More than eleven weeks after his run at Epsom Septimus returned to the track and was moved up in distance for the Group 2 Lonsdale Cup over two miles at York and started 6/5 favourite against eight opponents including Sergeant Cecil (Ebor Handicap, Cesarewitch Handicap), Distinction (Goodwood Cup), and Percussionist (Yorkshire Cup). Ridden by Johnny Murtagh, Septimus ranked in third place for mot of the way before taking the lead approaching the final furlong and winning by a neck from Balkan Knight. Murtagh was again in the saddle when Septimus returned to Yorkshire and started the 11/10 favourite for the Doncaster Cup over two and a quarter miles on 14 September. Ditinction and Balkan Knight were again in opposition but his most serious rivals appeared to be Allegretto (Goodwood Cup) and Geordieland (Grand Prix de Chantilly). Murtagh settled the colt in third place as Finalmente set the pace and opened up a clear lead. Septimus made steady progress, overtook Finalmente approaching the last quarter mile and accelerated away from his rivals to win "easily" by five lengths. After the race Murtagh commented "He's a very progressive horse and has really improved.
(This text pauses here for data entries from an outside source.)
(* There exists a $\mathbb{Q}$-linear map $\phi:\mathbb{Y}\to\mathbb{Q}[t]$ such that $\phi(Y_P)=t^{\mathrm{sink}(P)}$ for every signed poset $P$, where $\mathrm{sink}(P)$ is the number of sinks of $P$.
   Context: A signed graph $\Sigma$ is a finite graph (loops and multiple edges allowed) with $\mathrm{sgn}:E(\Sigma)\to\{+,-\}$; write $e:uv$ if $e$ has endpoints $u,v$. A coloring $\kappa:V(\Sigma)\to\mathbb{Z}$ is proper if $\kappa(u)\ne\mathrm{sgn}(e)\kappa(v)$ for every edge $e:uv$. An orientation assigns to each half-edge (incidence of an edge with an endpoint; a loop has two) an arrow toward or away from the vertex, such that on a positive edge exactly one of the two arrows points toward its vertex and on a negative edge both point toward or both point away. A cycle is a closed walk in which, considering only the edges of the walk, every vertex of the walk has at least one arrow pointing into it and one pointing out of it; an orientation is acyclic if it has no cycle; a sink is a vertex all of whose incident arrows point toward it (an isolated vertex is a sink). A signed poset is an acyclic orientation $P$ of a signed graph. A proper coloring $\kappa$ preserves $P$ if for every edge $e$ and each endpoint $v$ of $e$, with $u$ the other endpoint ($u=v$ for a loop), the arrow of $P$ at the incidence of $e$ with $v$ points toward $v$ iff $\kappa(v)>\mathrm{sgn}(e)\kappa(u)$. Let $Y_P=\sum_{\kappa}\prod_{v}x_{\kappa(v)}$ over proper colorings $\kappa$ preserving $P$ (variables $x_i$, $i\in\mathbb{Z}$), and let $\mathbb{Y}$ be the $\mathbb{Q}$-span of all $Y_P$, over all signed posets $P$ of all signed graphs. *)

From HB Require Import structures.
From mathcomp Require Import all_boot all_order all_algebra.
Set Implicit Arguments. Unset Strict Implicit. Unset Printing Implicit Defensive.
Import Order.TTheory GRing.Theory Num.Theory.
Local Open Scope ring_scope.

(* A signed graph: vertices 'I_nv, edges 'I_ne (loops and multiple edges
   allowed), each edge e has an ordered pair of endpoints ends e and a sign
   (true = +, false = -). *)
Record sgraph := SGraph {
  nv : nat;
  ne : nat;
  ends : 'I_ne -> 'I_nv * 'I_nv;
  sgn : 'I_ne -> bool }.

Definition sgnZ (G : sgraph) (e : 'I_(ne G)) : int := if sgn e then 1 else -1.

(* Half-edges of e are (e,false) (at (ends e).1) and (e,true) (at (ends e).2);
   a loop has two half-edges at the same vertex. *)
Definition hend (G : sgraph) (e : 'I_(ne G)) (b : bool) : 'I_(nv G) :=
  if b then (ends e).2 else (ends e).1.

(* An arrow assignment: tau e b = true iff the arrow at half-edge (e,b)
   points toward its vertex hend e b. *)
Definition arrows (G : sgraph) := 'I_(ne G) -> bool -> bool.

Definition is_orientation (G : sgraph) (tau : arrows G) : Prop :=
  forall e : 'I_(ne G), (tau e false != tau e true) = sgn e.

Definition link (G : sgraph) (e : 'I_(ne G)) (u v : 'I_(nv G)) : bool :=
  (ends e == (u, v)) || (ends e == (v, u)).

Fixpoint is_walk (G : sgraph) (u : 'I_(nv G)) (w : seq ('I_(ne G) * 'I_(nv G))) : bool :=
  match w with
  | [::] => true
  | (e, v) :: w' => link e u v && is_walk v w'
  end.

Definition closed_walk (G : sgraph) (u : 'I_(nv G)) (w : seq ('I_(ne G) * 'I_(nv G))) : bool :=
  [&& w != [::], is_walk u w & last u (map snd w) == u].

Definition is_cycle (G : sgraph) (tau : arrows G) (u : 'I_(nv G))
    (w : seq ('I_(ne G) * 'I_(nv G))) : Prop :=
  closed_walk u w /\
  forall x, x \in u :: map snd w ->
    (exists e b, [/\ e \in map fst w, hend e b = x & tau e b]) /\
    (exists e b, [/\ e \in map fst w, hend e b = x & ~~ tau e b]).

Definition acyclic (G : sgraph) (tau : arrows G) : Prop :=
  forall u w, ~ is_cycle tau u w.

Record signed_poset := SPoset {
  sp_graph : sgraph;
  sp_tau : arrows sp_graph;
  sp_orient : is_orientation sp_tau;
  sp_acyclic : acyclic sp_tau }.

Definition is_sink (G : sgraph) (tau : arrows G) (v : 'I_(nv G)) : bool :=
  [forall e, forall b, (hend e b == v) ==> tau e b].

Definition nsinks (P : signed_poset) : nat :=
  #|[pred v | is_sink (@sp_tau P) v]|.

Definition proper (G : sgraph) (kap : 'I_(nv G) -> int) : bool :=
  [forall e, kap (ends e).1 != sgnZ e * kap (ends e).2].

Definition preserves (G : sgraph) (tau : arrows G) (kap : 'I_(nv G) -> int) : bool :=
  [forall e, forall b, tau e b == (sgnZ e * kap (hend e (~~ b)) < kap (hend e b))].

(* Formal power series in the variables x_i (i : int): a monomial is
   represented by a list of indices (with multiplicity, up to permutation),
   and a series by its coefficient function. *)
Definition monomial := seq int.
Definition series := monomial -> rat.

(* The number of proper colorings kap preserving P whose monomial
   prod_v x_{kap v} equals the monomial m (colorings with that monomial take
   values in m, so they are enumerated as finite functions into seq_sub m). *)
Definition Ycoef (P : signed_poset) (m : monomial) : nat :=
  #|[pred k : {ffun 'I_(nv (sp_graph P)) -> seq_sub m} |
      let kap := fun v => ssval (k v) in
      [&& proper kap, preserves (@sp_tau P) kap &
          perm_eq [seq kap v | v <- enum 'I_(nv (sp_graph P))] m]]|.

Definition YP (P : signed_poset) : series := fun m => (Ycoef P m)%:R.

(* The Q-span of all Y_P. *)
Definition inY (f : series) : Prop :=
  exists s : seq (rat * signed_poset),
    f = fun m => \sum_(p <- s) p.1 * YP p.2 m.

(* For a set [R] of vertices let [C_R(k)] count the colorings of [R], valid on
   the edges inside [R], whose absolute values are exactly [1..k] (with [0]
   allowed).  In such a coloring of level [k+1] the vertices coloured [k+1]
   (resp. [-(k+1)]) form a set of sinks (resp. sources) of [R], and deleting them
   leaves a coloring of level [k]; conversely any disjoint such pair of sets can
   be put on top of a coloring of level [k].  By induction on [|R|] this gives
   [sum_k (-1)^(|R|+k) C_R(k) = 1], acyclicity entering only through the fact
   that [R] has an edge exactly when its sinks and sources differ.  Likewise a
   coloring of level [k] topped by a layer [S] coloured [+(k+1)] is a set [S] of
   sinks together with a coloring of level [k] of the other vertices, so giving
   it the weight [(-1)^(n-|S|+k) (t-1)^|S|] and summing over all valid colorings
   yields [sum_(S <= sinks) (t-1)^|S| = t^sink(P)].  The weight only depends on
   the multiset of colours, i.e. on the monomial, so it defines a linear
   functional on the coefficients of [Y_P]. *)

From Pilot Require Import Defs.
From mathcomp Require Import all_boot all_order all_algebra.
From mathcomp Require Import zify ring.
From Stdlib Require Import ClassicalEpsilon.
Set Implicit Arguments. Unset Strict Implicit. Unset Printing Implicit Defensive.
Import Order.TTheory GRing.Theory Num.Theory.
Local Open Scope ring_scope.

Lemma card_in_bij (T1 T2 : finType) (A : {pred T1}) (B : {pred T2})
    (f : T1 -> T2) (g : T2 -> T1) :
  {in A, forall x, f x \in B} -> {in B, forall y, g y \in A} ->
  {in A, cancel f g} -> {in B, cancel g f} -> #|A| = #|B|.
Proof.
move=> fAB gBA fK gK; rewrite -(card_in_imset (can_in_inj fK)).
apply: eq_card => y; apply/imsetP/idP => [[x xA ->]|yB]; first exact: fAB.
by exists (g y); rewrite ?gK ?gBA.
Qed.

Section SubsetSums.
Variable T : finType.
Implicit Types S : {set T}.

Lemma sum_subsetsD1 (R : nmodType) (F : {set T} -> R) S v : v \in S ->
  \sum_(B : {set T} | B \subset S) F B = \sum_(B : {set T} | B \subset S :\ v) (F B + F (v |: B)).
Proof.
move=> vS; rewrite big_split /= (bigID (fun B : {set T} => v \in B)) /= addrC.
congr (_ + _); first by apply: eq_bigl => B; rewrite subsetD1 andbC.
rewrite (reindex_onto (fun B : {set T} => v |: B) (fun B : {set T} => B :\ v)) /=; last first.
  by move=> B /andP[_ vB]; rewrite setD1K.
apply: eq_bigl => B; rewrite setU11 andbT subUset sub1set vS /= subsetD1.
have [vB|vB] := boolP (v \in B); last by rewrite setU1K // eqxx.
by rewrite !andbF; apply/negbTE/negP => /andP[_ /eqP/setP/(_ v)]; rewrite setD11 vB.
Qed.

Lemma sum_subsets_exp (R : comPzRingType) (x : R) S :
  \sum_(B : {set T} | B \subset S) x ^+ #|B| = (1 + x) ^+ #|S|.
Proof.
elim: {S}_.+1 {-2}S (ltnSn #|S|) => // n IH S.
have [->|[v vS]] := set_0Vmem S => [_|cS].
  by rewrite (big_pred1 set0) ?cards0 // => B; rewrite subset0.
rewrite (sum_subsetsD1 _ vS) (cardsD1 v S) vS exprS -IH; last first.
  by move: cS; rewrite (cardsD1 v S) vS.
rewrite mulr_sumr; apply: eq_bigr => B; rewrite subsetD1 => /andP[_ vB].
by rewrite cardsU1 vB exprS mulrDl mul1r.
Qed.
He showed he has no problem with the trip... he has a bit of speed, and is a class above those stayers at the moment".

In the 2007 World Thoroughbred Racehorse Rankings Septimus was rated the 17th best racehorse in the world and the best horse over extended distances.

===2008: five-year-old season===
Septimus was off the track for nine and a half months before returning in the Group 3 Curragh Cup over 14 furlongs on 28 June 2008 in which he carried 140 pounds and started the odds-on favourite. After racing in fifth place he took the lead approaching the final furlong and won by two and half lengths from Mores Wells (Ballyroan Stakes) with Peppertree Lane (the winner of the race in 2007) a neck away in third place.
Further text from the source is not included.